The Iowa caucuses have not been as effective an indicator
of success for the GOP fields of the last 48 years. There have been 8 contested caucuses in that
time period. The eventual GOP nominee
won three times (Come to think of it, 37.5% isn’t as bad as the political pros
would have you believe, especially for the first race of the season, and I
could make that calculation despite having received my Master’s Degree at the University
of Iowa. The latter must confound
the denizens of the CNN newsroom and I digress on both the former and the
latter.) Two of those three went on to
win the general election, which, despite the general harumphing of the big time
political professionals, is not a bad percentage (66.7% for those in the CNN
newsroom, who were highly unlikely to have attended a Midwest cow college.)
Since 1976
GOP 8
Winner nominated 1976 Ford
1996 Dole
2000 Bush
Winner elected 1976 Ford
2000 Bush
But what about the results of the 2024 caucuses and
their implications?
The big story was not the size of Donald Trump’s
victory (51% of the total was the last number I saw.), but the breadth of his
victory. He won in every demographic
group. He won all but one of Iowa’s 99
counties. The county he lost is Johnson
County, home of Iowa City and the University of Iowa, and his margin of victory
there, according to the last number I saw, was not even a handful of votes; he lost
Johnson County by ONE vote to Nikki Haley.

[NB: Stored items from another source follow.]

(* Let $T$ be a locally finite rooted tree with root $r$, all of whose edges are directed towards $r$, and let $B$ and $R$ be disjoint sets of leaves of $T$. Then there exists a strong blue blockage or there exists a red blockage (for $(T,B,R)$).
   Context: Edges of $T$ are ordered pairs $st$ pointing from $s$ to $t$, oriented towards the root $r$ (so every vertex other than $r$ has exactly one outgoing edge). A \emph{leaf} is a vertex with no incoming edges. Elements of $B$ are called blue, elements of $R$ red. For an edge set $X$, $V(X)$ denotes the set of vertices incident with an edge of $X$. For an edge set $X$ and vertex $v$, the \emph{accumulation} $A(v,X)$ is the number of edges of $X$ pointing to $v$ minus the number of edges of $X$ pointing away from $v$; for edge sets $X,Y$, $A(v,X,Y)=A(v,X)-A(v,Y)$. An edge set is \emph{rayless} if the subgraph it forms contains no ray. The \emph{blue flow} $b(X)$ to $X$ is the union of the edge sets of those (directed) paths starting at a blue leaf all of whose interior vertices are not incident with an edge of $X$; the \emph{red flow} $r(X)$ is defined in the same way with red leaves in place of blue leaves. A \emph{red blockage} is a rayless edge set $X$ such that $V(X)\cap B=\emptyset$ and $A(v,X,b(X))\ge 0$ for every $v\in (V(X)\cup\{r\})\setminus R$. A \emph{blue blockage} is a rayless edge set $X$ such that $V(X)\cap R=\emptyset$ and $A(v,X,r(X))\ge 0$ for every $v\in (V(X)\cup\{r\})\setminus B$; it is \emph{strong} if $A(r,X,r(X))\ge 1$. *)

From mathcomp Require Import all_boot all_order all_algebra.
From mathcomp Require Import finmap.
From mathcomp Require Import boolp classical_sets cardinality.
Set Implicit Arguments. Unset Strict Implicit. Unset Printing Implicit Defensive.
Import GRing.Theory Num.Theory.
Local Open Scope classical_set_scope.

(* A rooted tree T on the vertex type V is given by its root r and the parent
   map par : V -> V.  The (directed) edges of T are the ordered pairs
   (s, par s) with s <> r, i.e. every non-root vertex has exactly one outgoing
   edge, pointing towards r.  The value par r is irrelevant (the hypotheses of
   the theorem require par r = r). *)

Section Tree.
Variables (V : choiceType) (r : V) (par : V -> V).

Definition tedge (e : V * V) : Prop := e.1 <> r /\ par e.1 = e.2.

Definition rooted_tree : Prop :=
  par r = r /\ forall v : V, exists n : nat, iter n par v = r.

(* T is locally finite: every vertex has finitely many neighbours, i.e.
   finitely many children (the parent being unique). *)
Definition locally_finite : Prop :=
  forall v : V, finite_set [set s | s <> r /\ par s = v].

Definition leaf (v : V) : Prop := ~ exists s, tedge (s, v).

Definition verts (X : set (V * V)) : set V :=
  [set v | exists e, X e /\ (v = e.1 \/ v = e.2)].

Several times when I have mentioned that I lived in Iowa for two years, Iowans have corrected me by pointing
out that I didn’t live in Iowa: I lived
in Iowa City. Even back then, long
before Iowa became the red state it is today, “normal” Iowans considered Iowa
City and the University of Iowa, at least the half of the campus east of the
Iowa River and hence separated from Kinnick Stadium, a den of iniquity,
a hotbed of subversion, and a place to visit only on Fall Saturdays. What astounded me was that Mr. Trump was
even close in Johnson County.
Mr. Trump won among men.
He won among women. He won among
educated men and educated women. He won
among Evangelical Christians. He won
among Catholics. He won among residents
of rural counties. He won among
suburbanites. He won among city dwellers. (Yes, CNN, there are cities, with real urban
problems, in Iowa.) He won among young people.

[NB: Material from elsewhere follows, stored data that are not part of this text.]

(* Let $(\Omega,\mathcal R,\mathcal K)$ be a bidirectional kinetic system. Then $(\Omega,\mathcal R,\mathcal K)$ admits a closed completion $(\Omega_c,\mathcal R_c,\mathcal K_c)$ such that $\pi_\Omega R\neq0$ for every $R\in\mathcal R_c$, and every $R\in\mathcal R$ is the image $\pi_\Omega\bar R$ of exactly one $\bar R\in\mathcal R_c$.
   Context: A chemical network is $(\Omega,\mathcal R)$ with $\Omega=\{1,\dots,N\}$ and $\mathcal R$ a finite set of nonzero integer vectors indexed by $\Omega$. $I(R)=\{i:R(i)<0\}$, $F(R)=\{i:R(i)>0\}$. Bidirectional: $R\in\mathcal R\Rightarrow-R\in\mathcal R$; $\mathcal R_s$ contains exactly one of each pair $\{R,-R\}$. Conservation laws $\mathcal M=(\mathrm{span}\,\mathcal R)^\perp$; conservative means $\mathcal M\cap(0,\infty)^\Omega\ne\emptyset$. A kinetic system $(\Omega,\mathcal R,\mathcal K)$ has rates $\mathcal K:\mathcal R\to(0,\infty)$, $K_R=\mathcal K(R)$; it satisfies detailed balance if there is $\bar N\in(0,\infty)^\Omega$ with $K_R\prod_{i\in I(R)}\bar N_i^{-R(i)}=K_{-R}\prod_{i\in F(R)}\bar N_i^{R(i)}$ for all $R\in\mathcal R_s$. It is closed if it satisfies detailed balance, is conservative, and $I(R)\ne\emptyset$, $F(R)\ne\emptyset$ for all $R\in\mathcal R$. For $A\subset\Omega_c$, $\pi_Av=(v(i))_{i\in A}$. Given a kinetic system $(\Omega_c,\mathcal R_c,\mathcal K_c)$ with $\Omega\subset\Omega_c$ and positive $n=(n_i)_{i\in\Omega_c\setminus\Omega}$, the reduced rates are $\mathcal K_c[n](R)=\sum_{\bar R\in\mathcal R_c:\pi_\Omega\bar R=R}\mathcal K_c(\bar R)\prod_{s\in(\Omega_c\setminus\Omega)\cap I(\bar R)}n_s^{-\bar R(s)}$ for $R\in\{\pi_\Omega\bar R\}\setminus\{0\}$. A completion of $(\Omega,\mathcal R,\mathcal K)$ is a kinetic system $(\Omega_c,\mathcal R_c,\mathcal K_c)$ with $\Omega\subset\Omega_c$, $\mathcal R=\{\pi_\Omega R:R\in\mathcal R_c\}$, and such that there exist concentrations $n_{\Omega_c\setminus\Omega}=(n_i)_{i\in\Omega_c\setminus\Omega}$ with $\mathcal K=\mathcal K_c[n_{\Omega_c\setminus\Omega}]$. *)

From HB Require Import structures.
From mathcomp Require Import all_boot all_order all_algebra.
From mathcomp Require Import finmap.
From mathcomp Require Import reals.
Set Implicit Arguments. Unset Strict Implicit. Unset Printing Implicit Defensive.
Import Order.TTheory GRing.Theory Num.Theory.
Local Open Scope ring_scope.
Local Open Scope fset_scope.

Definition vec (S : finType) := {ffun S -> int}.

Section Networks.
Variable R : realType.
Variable S : finType.

Definition chem_network (Rs : {fset vec S}) : Prop :=
  forall r, r \in Rs -> r != 0.

Definition rates_pos (Rs : {fset vec S}) (K : vec S -> R) : Prop :=
  forall r, r \in Rs -> 0 < K r.

Definition bidirectional (Rs : {fset vec S}) : Prop :=
  forall r, r \in Rs -> - r \in Rs.

(* detailed balance (presupposes bidirectionality); the defining identity is
   symmetric under r <-> -r, so requiring it for all r is the same as for R_s *)
Definition detailed_balance (Rs : {fset vec S}) (K : vec S -> R) : Prop :=
  bidirectional Rs /\
  exists Nbar : S -> R, (forall i, 0 < Nbar i) /\
    forall r, r \in Rs ->
      K r * \prod_(i | r i < 0) Nbar i ^ (- r i)
      = K (- r) * \prod_(i | 0 < r i) Nbar i ^ (r i).

Definition conservative (Rs : {fset vec S}) : Prop :=
  exists m : S -> R, (forall i, 0 < m i) /\
    forall r, r \in Rs -> \sum_i m i * (r i)%:~R = 0.

Definition closed_system (Rs : {fset vec S}) (K : vec S -> R) : Prop :=
  [/\ detailed_balance Rs K, conservative Rs &
      forall r, r \in Rs -> (exists i, r i < 0) /\ (exists i, 0 < r i)].

End Networks.

(* Omega = 'I_N, Omega_c = 'I_N + 'I_M (Omega embedded via inl) *)
Definition proj (N M : nat) (v : vec ('I_N + 'I_M)%type) : vec 'I_N :=
  [ffun i => v (inl i)].

Definition reduced_rates (R : realType) (N M : nat)
  (Rc : {fset vec ('I_N + 'I_M)%type}) (Kc : vec ('I_N + 'I_M)%type -> R)
  (n : 'I_M -> R) (r : vec 'I_N) : R :=
  \sum_(rb : Rc | proj (val rb) == r)
     Kc (val rb) * \prod_(s : 'I_M | val rb (inr s) < 0) n s ^ (- val rb (inr s)).

Definition completion (R : realType) (N M : nat)
  (Rs : {fset vec 'I_N}) (K : vec 'I_N -> R)
  (Rc : {fset vec ('I_N + 'I_M)%type}) (Kc : vec ('I_N + 'I_M)%type -> R) : Prop :=
  chem_network Rc /\ rates_pos Rc Kc /\
  Rs = [fset proj rb | rb in Rc] /\
  exists n : 'I_M -> R, (forall s, 0 < n s) /\
    forall r, r \in Rs -> K r = reduced_rates Rc Kc n r.

(* Give every reaction r its own new species X_r, and lift r to the reaction
   that additionally turns one X_r into one X_(-r).  With all rates equal to 1
   and [X_r] = K_r, the reduced rate of the lift of r is exactly K_r.  Since r
   and -r then have equal rates, detailed balance holds at the equilibrium 1.
   The weights 1 on the old species and 1 + max(s_r, 0) on X_r, where s_r is
   the sum of the entries of r, are a positive conservation law, because
   s_r + max(-s_r, 0) - max(s_r, 0) = 0.  Every lift has the reactant X_r and
   the product X_(-r), and projection undoes lifting. *)
From HB Require Import structures.
From mathcomp Require Import all_boot all_order all_algebra.
From mathcomp Require Import finmap.
From mathcomp Require Import reals.
From mathcomp Require Import zify.
Import Order.TTheory GRing.Theory Num.Theory.
Local Open Scope fset_scope.
Local Open Scope ring_scope.
Set Implicit Arguments. Unset Strict Implicit. Unset Printing Implicit Defensive.

Lemma vec_neq_opp (S : finType) (r : vec S) : r != 0 -> r != - r.
Proof.
apply: contra => /eqP r_eq_opp; apply/eqP/ffunP => i.
have /eqP := congr1 (fun v : vec S => v i) r_eq_opp.
by rewrite !ffunE -subr_eq0 opprK -mulr2n mulrn_eq0 => /eqP.
Qed.

Lemma detailed_balance_unit_rates (R : realType) (S : finType)
    (Rs : {fset vec S}) :
  bidirectional Rs -> detailed_balance Rs (fun _ => 1 : R).
Proof.
move=> Rs_bi; split=> //; exists (fun _ => 1).
split=> [_|r _]; first exact: ltr01.
by rewrite !big1 // => i _; rewrite exp1rz.
Qed.

Lemma conservative_int (R : realType) (S : finType) (Rs : {fset vec S})
    (w : S -> int) :
  (forall i, 0 < w i) -> (forall r, r \in Rs -> \sum_i w i * r i = 0) ->
  conservative R Rs.
Proof.
move=> w_gt0 w_cons; exists (fun i => (w i)%:~R); split=> [i|r /w_cons w_r].
  by rewrite ltr0z.
have -> : \sum_i (w i)%:~R * (r i)%:~R = (\sum_i w i * r i)%:~R :> R.
  by rewrite rmorph_sum; apply: eq_bigr => i _; rewrite -intrM.
by rewrite w_r.
Qed.

Section Extension.
Variables N M : nat.

Definition extend (r : vec 'I_N) (e : vec 'I_M) : vec ('I_N + 'I_M)%type :=
  [ffun x => match x with inl i => r i | inr j => e j end].

Lemma proj_extend r e : proj (extend r e) = r.
Proof. by apply/ffunP => i; rewrite !ffunE. Qed.

Lemma extendN r e : extend (- r) (- e) = - extend r e.
Proof. by apply/ffunP => -[i|j]; rewrite !ffunE. Qed.

Lemma sum_extend (w : ('I_N + 'I_M)%type -> int) r e :
  \sum_x w x * extend r e x
  = \sum_i w (inl i) * r i + \sum_j w (inr j) * e j.
Proof.
by rewrite big_sumType; congr (_ + _); apply: eq_bigr => i _; rewrite ffunE.
Qed.

(* The indices are plain naturals since the tag [index r Rs] used below is only
   in range for r in Rs. *)
Definition transfer (a b : nat) : vec 'I_M :=
  [ffun j : 'I_M => (nat_of_bool (j == b :> nat))%:Z
                    - (nat_of_bool (j == a :> nat))%:Z].

Lemma transferN a b : - transfer a b = transfer b a.
Proof. by apply/ffunP => j; rewrite !ffunE opprB. Qed.

Lemma transfer_lt0 a b j : a != b -> (transfer a b j < 0) = (j == a :> nat).
Proof.
rewrite ffunE => a_neq_b; have [->|_] := eqVneq (val j) a.
  by rewrite (negPf a_neq_b).
by case: (val j == b).
Qed.

Lemma transfer_gt0 a b j : a != b -> (0 < transfer a b j) = (j == b :> nat).
Proof. by rewrite -transferN ffunE oppr_gt0 eq_sym => /transfer_lt0 ->. Qed.

Lemma transfer_src a b (j : 'I_M) : a != b -> val j = a -> transfer a b j = -1.
Proof. by rewrite ffunE => /negPf a_neq_b ->; rewrite eqxx a_neq_b. Qed.

Lemma transfer_dst a b (j : 'I_M) : a != b -> val j = b -> transfer a b j = 1.
Proof. by rewrite -transferN ffunE eq_sym => /transfer_src h /h ->. Qed.

Lemma sum_transfer (w : 'I_M -> int) (a b : 'I_M) :
  a != b -> \sum_j w j * transfer a b j = w b - w a.
Proof.
move=> a_neq_b; rewrite (bigD1 b) // (bigD1 a) //=.
rewrite big1 => [|j /andP[j_b j_a]].
  by rewrite transfer_dst ?transfer_src // addr0 mulr1 mulrN1.
by rewrite ffunE !val_eqE (negPf j_b) (negPf j_a) mulr0.
Qed.

End Extension.

Section Lifting.
Variables (N : nat) (Rs : {fset vec 'I_N}).
Hypotheses (Rs_network : chem_network Rs) (Rs_bi : bidirectional Rs).

Local Notation M := #|` Rs|.
Local Notation tag r := (index r Rs).

Definition lift (r : vec 'I_N) : vec ('I_N + 'I_M)%type :=
  extend r (transfer M (tag r) (tag (- r))).

Definition lifted_network := [fset lift r | r in Rs].

Lemma proj_lift r : proj (lift r) = r.
Proof. exact: proj_extend. Qed.

Lemma liftN r : lift (- r) = - lift r.
Proof. by rewrite /lift opprK -extendN transferN. Qed.

Lemma tag_lt r : r \in Rs -> (tag r < M)%N.
Proof. by rewrite index_mem. Qed.

Lemma nth_tag r : r \in Rs -> nth 0 Rs (tag r) = r.
Proof. exact: nth_index. Qed.

Lemma tag_neq_opp r : r \in Rs -> tag r != tag (- r).
Proof.
move=> r_in; apply: contraNneq (vec_neq_opp (Rs_network r_in)) => tag_eq.
by rewrite -{1}(nth_tag r_in) tag_eq nth_tag ?Rs_bi.
Qed.

Lemma mem_lift r : r \in Rs -> lift r \in lifted_network.
Proof. by move=> r_in; apply/imfsetP; exists r. Qed.

Lemma proj_lifted_network : [fset proj rb | rb in lifted_network] = Rs.
Proof.
rewrite -imfset_comp (@eq_in_imfset _ _ _ _ id) ?imfset_id // => r _ /=.
exact: proj_lift.
Qed.

Lemma lifted_network_nonzero : chem_network lifted_network.
Proof.
move=> _ /imfsetP[r r_in ->]; apply: contra_neq (Rs_network r_in) => lift0.
by rewrite -(proj_lift r) lift0; apply/ffunP => i; rewrite !ffunE.
Qed.

Lemma lifted_network_proj_nonzero rb : rb \in lifted_network -> proj rb != 0.
Proof. by case/imfsetP => r r_in ->; rewrite proj_lift Rs_network. Qed.

Lemma lifted_network_bidirectional : bidirectional lifted_network.
Proof. by move=> _ /imfsetP[r r_in ->]; rewrite -liftN mem_lift ?Rs_bi. Qed.

Lemma lift_unique r :
  r \in Rs -> exists! rb, rb \in lifted_network /\ proj rb = r.
Proof.
move=> r_in; exists (lift r); split=> [|_ [/imfsetP[r' _ ->] <-]].
  by rewrite mem_lift ?proj_lift.
by rewrite !proj_lift.
Qed.

Lemma lift_reactant_product r :
  r \in Rs -> (exists x, lift r x < 0) /\ (exists x, 0 < lift r x).
Proof.
move=> r_in; have tag_ne := tag_neq_opp r_in.
split; first by exists (inr (Ordinal (tag_lt r_in))); rewrite ffunE transfer_lt0.
by exists (inr (Ordinal (tag_lt (Rs_bi r_in)))); rewrite ffunE transfer_gt0.
Qed.

Lemma lifted_network_conservative (R : realType) : conservative R lifted_network.
Proof.
pose stoich (v : vec 'I_N) := \sum_i v i.
pose w (x : ('I_N + 'I_M)%type) : int :=
  if x is inr j then 1 + Num.max (stoich (nth 0 Rs j)) 0 else 1.
apply: (@conservative_int R _ _ w) => [[i|j] | _ /imfsetP[r r_in ->]] /=; try lia.
have tag_ne := tag_neq_opp r_in.
rewrite sum_extend (sum_transfer _ (a := Ordinal (tag_lt r_in))
                                  (b := Ordinal (tag_lt (Rs_bi r_in)))) //.
rewrite /w /= !nth_tag ?Rs_bi // (eq_bigr (fun i => r i)) => [|i _]; last first.
  by rewrite mul1r.
have -> : stoich (- r) = - stoich r.
  by rewrite /stoich -sumrN; apply: eq_bigr => i _; rewrite ffunE.
rewrite -/(stoich r); lia.
Qed.

Lemma reduced_rates_lift (R : realType) (K : vec 'I_N -> R) r : r \in Rs ->
  reduced_rates lifted_network (fun _ => 1) (fun j => K (nth 0 Rs j)) r = K r.
Proof.
move=> r_in; have tag_ne := tag_neq_opp r_in.
rewrite /reduced_rates (big_pred1 [` mem_lift r_in]) => [|rb]; last first.
  rewrite /= -val_eqE /=; case/imfsetP: (valP rb) => r' _ ->.
  by rewrite proj_lift (can_eq proj_lift).
rewrite mul1r (big_pred1 (Ordinal (tag_lt r_in))) => [|j]; last first.
  by rewrite ffunE transfer_lt0 // -val_eqE.
by rewrite ffunE transfer_src // opprK expr1z nth_tag.
Qed.

End Lifting.

Theorem theorem6p3 (R : realType) (N : nat)
  (Rs : {fset vec 'I_N}) (K : vec 'I_N -> R) :
  chem_network Rs -> rates_pos Rs K -> bidirectional Rs ->
  exists (M : nat) (Rc : {fset vec ('I_N + 'I_M)%type})
         (Kc : vec ('I_N + 'I_M)%type -> R),
    [/\ completion Rs K Rc Kc,
        closed_system Rc Kc,
        (forall rb, rb \in Rc -> proj rb != 0) &
        (forall r, r \in Rs ->
           exists! rb, rb \in Rc /\ proj rb = r)].
Proof.
move=> Rs_network K_pos Rs_bi.
exists #|` Rs|, (lifted_network Rs), (fun _ => 1); split.
- split; first exact: lifted_network_nonzero.
  split=> [_ _|]; first exact: ltr01.
  split; first by rewrite proj_lifted_network.
  exists (fun j => K (nth 0 Rs j)); split=> [j|r r_in].
    by apply: K_pos; rewrite mem_nth.
  by rewrite reduced_rates_lift.
- split; first exact/detailed_balance_unit_rates/lifted_network_bidirectional.
    exact: lifted_network_conservative.
  by move=> _ /imfsetP[r r_in ->]; apply: lift_reactant_product.
- exact: lifted_network_proj_nonzero.
- exact: lift_unique.
Qed.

He won among old people. Most
importantly, he won among people who think that the preservation of our Republic
is sufficiently important to take the time and make the effort necessary to participate
in the Iowa caucuses.
Ron DeSantis, who spent a ton of money and time in
Iowa, looks really weak right now, despite nosing out Nikki Haley for
second place. Despite her post-caucus
speech, Ms. Haley did not come out smelling like a rose, either. How could she win Johnson County, brimming
with the highly educated, high income types who wear their loathing for Mr. Trump
as a badge of honor and a ticket to the best get-togethers in town, by only ONE
vote? She should have carried it
big. She also should have done much better
in the suburbs of Des Moines and Cedar Rapids.
She didn’t. She’s in trouble.
Vivek Ramaswamy showed that acting like a boor will
not win one many votes even in a party that is bound and determined to nominate
a man whose most salient characteristic is his boorishness. Thank you, Mr. Ramaswamy, for giving us all
some hope…and for getting out of the race for president to pursue the race for
vice-president.
Then again, this was “only” Iowa, as those with deep
insight and boundless experience covering elections tell us. But, as those lacking such sophistication,
but overflowing with common sense, would point out, this was the only race that
has been held thus far. And, at this
point at least, it doesn’t look good for anybody not named Donald J.
Trump. The GOP, as the denizens of
the CNN newsroom suppose an Iowan would say, is in a whole heap of trouble
regardless of what happens in the next month or so.